Spiritual glazing-over I would call it, because I really wanted to know why I was standing there listening. Its not that I wanted to do something else, but I really wanted to understand to the ultimate depth what was going on here. I intuited early-on that all those things, education, career, marriage, children, were ways to avoid asking, very simply, "Why am I doing this or that? Why am I feeling this or that?".

The objective of the Why Method is to discover The Deepest Question, or the Why Question which cannot be answered.

For the one engaging in the Why Process, The Deepest Question becomes a kind of koan, a question to be meditated upon, a question to be allowed a presence within one's being.

Find a quiet place. Think about something very important: your health, family, friends, career, your spiritual life. Pick one.



Let's say you have chosen your health as a very important topic.



Ask yourself, "Why is my health important to me?"



Your answer may be something like, "So that I can effectively do what I have to do and what I want to do."
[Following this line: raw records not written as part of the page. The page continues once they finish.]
Lemma edge_sideP a b w : a \in e -> b \in e -> a != b ->
  edge_side_spec a b w (w \in T a) (w \in T b).
Proof.
move=> ae be ab; have [c ce wc] := comp_del_cover w ae.
rewrite (comp_del_uniq ce ae wc) (comp_del_uniq ce be wc).
have [ac | ac] := eqVneq a c; have [bc | bc] := eqVneq b c.
- by rewrite ac bc eqxx in ab.
- by subst c; apply: EdgeSideA; apply: hdist_comp_del.
- by subst c; apply: EdgeSideB; apply: hdist_comp_del.
- by apply: EdgeSideNeither; rewrite (hdist_comp_del ce ae ac wc) (hdist_comp_del ce be bc wc).
Qed.

Lemma eq_hdist_edgeE a b w : a \in e -> b \in e -> a != b ->
  (w \in [set z | hdist E z a == hdist E z b]) = (w \notin T a) && (w \notin T b).
Proof.
move=> ae be ab; rewrite [w \in _]inE !(hdist_sym w) //.
by case: (edge_sideP w ae be ab) => ->; rewrite ?eqxx // ?(ltn_eqF (ltnSn _)) ?(gtn_eqF (ltnSn _)).
Qed.

Lemma eq_hdist_leaf u v w : u \in e -> v \in e -> u != v ->
  e :\: [set u; v] = [set w] -> hdeg E w = 1%N ->
  [set z | hdist E z u == hdist E z v] = [set w].
Proof.
move=> ue ve uv ew deg1; have [we _ _] := mem_setD_pair ew.
rewrite -(comp_del_leaf deg1 we); apply/setP => z; rewrite eq_hdist_edgeE //.
have [c ce zc] := comp_del_cover z ue; rewrite !(comp_del_uniq ce _ zc) //.
have /setP/(_ c) := ew; rewrite !inE ce andbT negb_or.
by rewrite (eq_sym u) (eq_sym v) (eq_sym w).
Qed.

End EdgeDeletion.

Section PerronRows.
Local Open Scope ring_scope.
Variables (R : rcfType) (n : nat) (E : {set {set 'I_n}}) (rho : R) (x : 'cV[R]_n).
Hypothesis Hp : distance_perron E rho x.

Lemma sigmaE (C : {set 'I_n}) : sigma x C = \sum_w (w \in C)%:R * x w 0.
Proof.
by rewrite /sigma big_mkcond; apply: eq_bigr => w _; case: (w \in C); rewrite ?mul1r ?mul0r.
Qed.

Lemma sigma_set1 w : sigma x [set w] = x w 0.
Proof. exact: big_set1. Qed.

Lemma distance_perron_row a : rho * x a 0 = \sum_w (hdist E a w)%:R * x w 0.
Proof.
have [_ _ Dx _ _] := Hp; have := congr1 (fun M : 'cV[R]_n => M a 0) Dx.
by rewrite !mxE => <-; apply: eq_bigr => w _; rewrite mxE.
Qed.

Variable e : {set 'I_n}.
Hypotheses (HT : hypertree E) (He : e \in E).
Local Notation T c := (comp_del E e c).

Lemma rho_diff_edge a b : a \in e -> b \in e -> a != b ->
  rho * x a 0 - rho * x b 0 = sigma x (T b) - sigma x (T a).
Proof.
move=> ae be ab; rewrite !distance_perron_row !sigmaE -!sumrB; apply: eq_bigr => w _.
rewrite -!mulrBl; congr (_ * _).
by case: (edge_sideP HT He w ae be ab) => ->; rewrite /=; lra.
Qed.

Lemma sigma_edge_partition a b : a \in e -> b \in e -> a != b ->
  sigma x [set w | hdist E w a == hdist E w b] + sigma x (T a) + sigma x (T b)
    = \sum_w x w 0.
Proof.
move=> ae be ab; rewrite !sigmaE -!big_split; apply: eq_bigr => w _.
rewrite /= (eq_hdist_edgeE HT He w ae be ab) -!mulrDl.
by case: (edge_sideP HT He w ae be ab); rewrite /= ?add0r ?addr0 mul1r.
Qed.

Lemma rho_diff_leaf u v w : v \in e -> e :\: [set u; v] = [set w] -> hdeg E w = 1%N ->
  rho * x w 0 - rho * x v 0 = sigma x (T v) - x w 0.
Proof.
move=> ve ew deg1; have [we _ wv] := mem_setD_pair ew.
by rewrite rho_diff_edge // (comp_del_leaf He deg1 we) sigma_set1.
Qed.

End PerronRows.

Local Open Scope ring_scope.

Lemma combine_edge_rows (R : realFieldType) (rho xu1 xv1 xu2 xv2 tu1 tv1 tu2 tv2 a1 a2 S : R) :
  rho * xu1 - rho * xv1 = tv1 - tu1 -> rho * xu2 - rho * xv2 = tv2 - tu2 ->
  a1 + tu1 + tv1 = S -> a2 + tu2 + tv2 = S ->
  rho * (xu1 - xu2) - rho * (xv1 - xv2) = 2 * (tu2 - tu1) + a2 - a1.
Proof. by rewrite !mulrBr; lra. Qed.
Then ask yourself, "Why do I have to effectively do things?"



Your answer may be, "So that I can keep my commitments, be productive and grow."



Then ask: "Why do I have to keep my commitments, be productive and grow?"
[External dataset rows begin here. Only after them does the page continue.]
Section grids.
Variables (R : realType) (d : nat).

Lemma partition_cell (m : nat) (p : nat -> R) (t : R) :
  p 0%N <= t -> t < p m -> exists2 k, (k < m)%N & p k <= t < p k.+1.
Proof.
move=> p0t tpm; apply: contrapT => nocell.
suff pt j : (j <= m)%N -> p j <= t by move: tpm; rewrite ltNge pt.
elim: j => [//|j IHj] jm; rewrite leNgt; apply/negP => tpj; apply: nocell.
by exists j => //; rewrite tpj andbT IHj // ltnW.
Qed.

Lemma cell_close_mem (a b s t v del : R) :
  del <= `|a - v| -> del <= `|b - v| -> a <= s < b ->
  `|s - v| < del -> `|t - v| < del -> a <= t < b.
Proof.
rewrite !ler_normr !ltr_norml => /orP[h1|h1] /orP[h2|h2] /andP[s1 s2]
  /andP[s3 s4] /andP[t1 t2]; apply/andP; split; lra.
Qed.

Lemma grid_gap_gt0 (m : 'I_d -> nat) (p : 'I_d -> nat -> R) u :
  (forall i j, p i j != u /\ p i j != - u) ->
  exists2 del, 0 < del &
    forall i j, (j <= m i)%N -> del <= `|p i j - u| /\ del <= `|p i j + u|.
Proof.
move=> avoid.
pose gap i j := Num.min `|p i j - u| `|p i j + u|.
exists (\big[Num.min/1]_(i < d) \big[Num.min/1]_(j < (m i).+1) gap i j).
  apply: (big_ind (fun x => 0 < x)) => [|x y|i _]; rewrite ?lt_min ?ltr01 //.
    by move=> -> ->.
  apply: (big_ind (fun x => 0 < x)) => [|x y|j _]; rewrite ?lt_min ?ltr01 //.
    by move=> -> ->.
  have [/negPf pu /negPf pmu] := avoid i j.
  by rewrite !normr_gt0 subr_eq0 addr_eq0 pu pmu.
move=> i j jm; apply/andP; rewrite -le_min.
rewrite (bigD1 i) //= ge_min (bigD1 (Ordinal (jm : (j < (m i).+1)%N))) //= ge_min.
by rewrite lexx.
Qed.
An answer: "Because there are others dependent on me and I am motivated to care for them and look after my own personal growth as well."
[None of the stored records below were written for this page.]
(* Each topology in the statement is sequentialised or metric, so every
   continuity claim reduces to sequences: into a discrete space it suffices
   that images of convergent sequences are eventually constant, and out of a
   metric space it suffices to send convergent sequences to convergent ones.

   [f x k a b] only reads [k], [a], [b] and the coordinates [x a .. x (a+b)],
   which are eventually fixed along a sequence converging in the product of
   the discrete spaces [M_i].  A sequence converging to [(k, oo)] in
   [N x F] eventually has first coordinate [k] and [a] arbitrarily large;
   as [y] is summable, its block sums starting far out are below [2^-k], so
   [g y] is eventually [0].

   For [g] itself, a compact [K] of [N x F] has bounded first coordinates
   [k < j0] and, for every [A], bounded [a + b] on its points with [a < A].
   Pick [A] such that the block sums of [y] from [A] on are below
   [2^-j0 / 2].  An [l1]-perturbation [z] of [y] that is small enough agrees
   with [y] on the resulting initial segment (two points of [M_i] at distance
   less than [2^-i] coincide) and moves block sums by less than [2^-j0 / 2],
   so [g z = g y] on [K]: this is convergence in the compact-open topology. *)

Lemma near_inftyP (P : nat -> Prop) :
  (\forall n \near \oo, P n) <-> exists N, forall n, (N <= n)%N -> P n.
Proof. by split=> [[N _ HN]|[N HN]]; exists N. Qed.

Lemma near_all_seq {T : Type} {F : set_system T} {FF : Filter F} {X : eqType}
    {s : seq X} {P : X -> T -> Prop} :
  (forall x, x \in s -> \forall t \near F, P x t) ->
  \forall t \near F, forall x, x \in s -> P x t.
Proof.
elim: s => [|x s IH] H; first exact: nearW.
have Hs : \forall t \near F, forall y, y \in s -> P y t.
  by apply: IH => y ys; apply: H; rewrite inE ys orbT.
apply: filterS (filterI (H x (mem_head _ _)) Hs) => t [Pxt Pst] y.
by rewrite inE => /predU1P[->|/Pst].
Qed.

Lemma generated_subbasicI {T : Type} (A : set T) (B : set (set T)) U :
  B U -> generated A B (A `&` U).
Proof.
move=> BU; split=> [x []//|x [_ Ux]]; exists [:: U]; split.
- by move=> V; rewrite inE => /eqP ->.
- by move=> z Az /(_ U (mem_head _ _)).
Qed.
A question: "Why am I motivated to care for others and myself?"



An answer: "That's just an impulse as a result of being alive. I'm responding to that impulse. It is natural to want myself and people close to me, all people for that matter, to thrive in all ways, physical, emotional, mental and spiritual. I'm driven to do these things because I am alive. Maybe its survival."



Question: "Why am I driven?"



Answer: "Like I said, survival. To keep us all alive. To keep us going. To fulfil our destiny. To carry on the work of those who preceded us. To look after the planet. To do my very tiny share of work involved in keeping our civilization evolving so that future generations might partake in an enlightened human culture."



Question: "Why do future generations have to partake in an enlightened culture? Why do we have to keep going?"



Answer: "Because we're here, so we might as well work our hardest at staying here and trying to learn and understand as much as we can."



Question: "Why are we here?"





Answer: "Maybe that's what we'll learn if we stick around long enough and keep evolving."



"Why do we have to find out why we are here?"



"Just out of extreme curiosity."



"Why be extremely curious about that?"



"It is the ultimate question."



"Why is that the ultimate question?"



"Well, I suppose if it were answered there would be a heck of a lot of other question, so maybe its not the ultimate question."



"So why be extremely curious about why we are here?"



"Because it is a very challenging question, why we are here."



"Why is that a challenging question?"



"Because we have no final answer. Nobody really knows."



"Why does nobody know?"



"Its unknowable. Any answer would beg thousands more questions."



"Why ask the thousands more questions?"



"We'd just want to know."



"Why?"



"Its our nature, that's all."



"Why is that our nature?"



"Its probably just genetic."



"Why is it genetic?"



"That's how we're made."



"Why are we made that way?"

"Evolution. Chemistry. Physical laws."



"Why evolution, chemistry and physical laws?"



"That's our universe!"



"Why is that our universe?"



"It goes back to the ultimate mystery. I don't know why our universe has physical laws. Its just the way it is."



"Why?"



"I don't know."



"Why don't you know?"



"How could I know that? I don't have the brain power."



"Why not?"



"I don't know."



This type of questioning reveals that the deepest question relates to the existence of the universe and it may be posed as, "Why does the universe exist?" or "Why is the universe the way it is?"

The Why Method may be applied to other questions of life.

Ultimately, there will be no answer to the deepest question, other than existence itself.